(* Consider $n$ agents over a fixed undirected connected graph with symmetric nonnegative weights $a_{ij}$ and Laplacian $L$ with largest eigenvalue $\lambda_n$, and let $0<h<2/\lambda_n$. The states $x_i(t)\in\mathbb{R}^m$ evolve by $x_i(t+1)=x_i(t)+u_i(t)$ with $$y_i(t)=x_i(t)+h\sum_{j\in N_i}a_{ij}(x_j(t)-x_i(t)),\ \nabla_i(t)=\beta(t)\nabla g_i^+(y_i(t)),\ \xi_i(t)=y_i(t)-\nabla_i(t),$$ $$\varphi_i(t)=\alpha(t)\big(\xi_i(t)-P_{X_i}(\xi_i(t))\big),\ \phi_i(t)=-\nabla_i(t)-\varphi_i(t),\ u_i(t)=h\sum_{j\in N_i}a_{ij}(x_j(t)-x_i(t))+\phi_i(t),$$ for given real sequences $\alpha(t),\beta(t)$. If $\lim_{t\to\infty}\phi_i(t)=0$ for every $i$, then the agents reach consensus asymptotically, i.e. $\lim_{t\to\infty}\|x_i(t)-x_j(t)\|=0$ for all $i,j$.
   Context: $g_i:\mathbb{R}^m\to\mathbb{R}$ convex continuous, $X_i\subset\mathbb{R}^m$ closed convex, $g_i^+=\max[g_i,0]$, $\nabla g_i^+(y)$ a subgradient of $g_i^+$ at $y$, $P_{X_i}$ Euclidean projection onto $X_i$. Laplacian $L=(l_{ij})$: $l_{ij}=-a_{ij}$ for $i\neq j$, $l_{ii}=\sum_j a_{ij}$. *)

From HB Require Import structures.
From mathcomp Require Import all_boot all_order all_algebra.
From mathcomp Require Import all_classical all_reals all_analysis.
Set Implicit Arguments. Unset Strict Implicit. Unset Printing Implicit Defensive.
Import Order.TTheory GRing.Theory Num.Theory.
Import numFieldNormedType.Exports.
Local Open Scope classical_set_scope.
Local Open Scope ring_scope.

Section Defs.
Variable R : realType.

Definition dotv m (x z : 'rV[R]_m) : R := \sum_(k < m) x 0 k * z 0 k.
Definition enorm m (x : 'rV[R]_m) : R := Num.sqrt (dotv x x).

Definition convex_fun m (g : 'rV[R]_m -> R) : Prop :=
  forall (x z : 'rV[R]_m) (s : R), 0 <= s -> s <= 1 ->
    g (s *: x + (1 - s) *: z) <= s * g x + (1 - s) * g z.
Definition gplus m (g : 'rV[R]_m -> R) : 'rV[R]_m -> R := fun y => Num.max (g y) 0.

===============

# WORK TO COMPLETE
Look for the line that contains "Local Open Scope classical_set_scope." in the entries above. Set it down, along with all later lines, exactly as written.

# SOLUTION
Local Open Scope classical_set_scope.
Local Open Scope ring_scope.

Section Defs.
Variable R : realType.

Definition dotv m (x z : 'rV[R]_m) : R := \sum_(k < m) x 0 k * z 0 k.
Definition enorm m (x : 'rV[R]_m) : R := Num.sqrt (dotv x x).

Definition convex_fun m (g : 'rV[R]_m -> R) : Prop :=
  forall (x z : 'rV[R]_m) (s : R), 0 <= s -> s <= 1 ->
    g (s *: x + (1 - s) *: z) <= s * g x + (1 - s) * g z.
Definition gplus m (g : 'rV[R]_m -> R) : 'rV[R]_m -> R := fun y => Num.max (g y) 0.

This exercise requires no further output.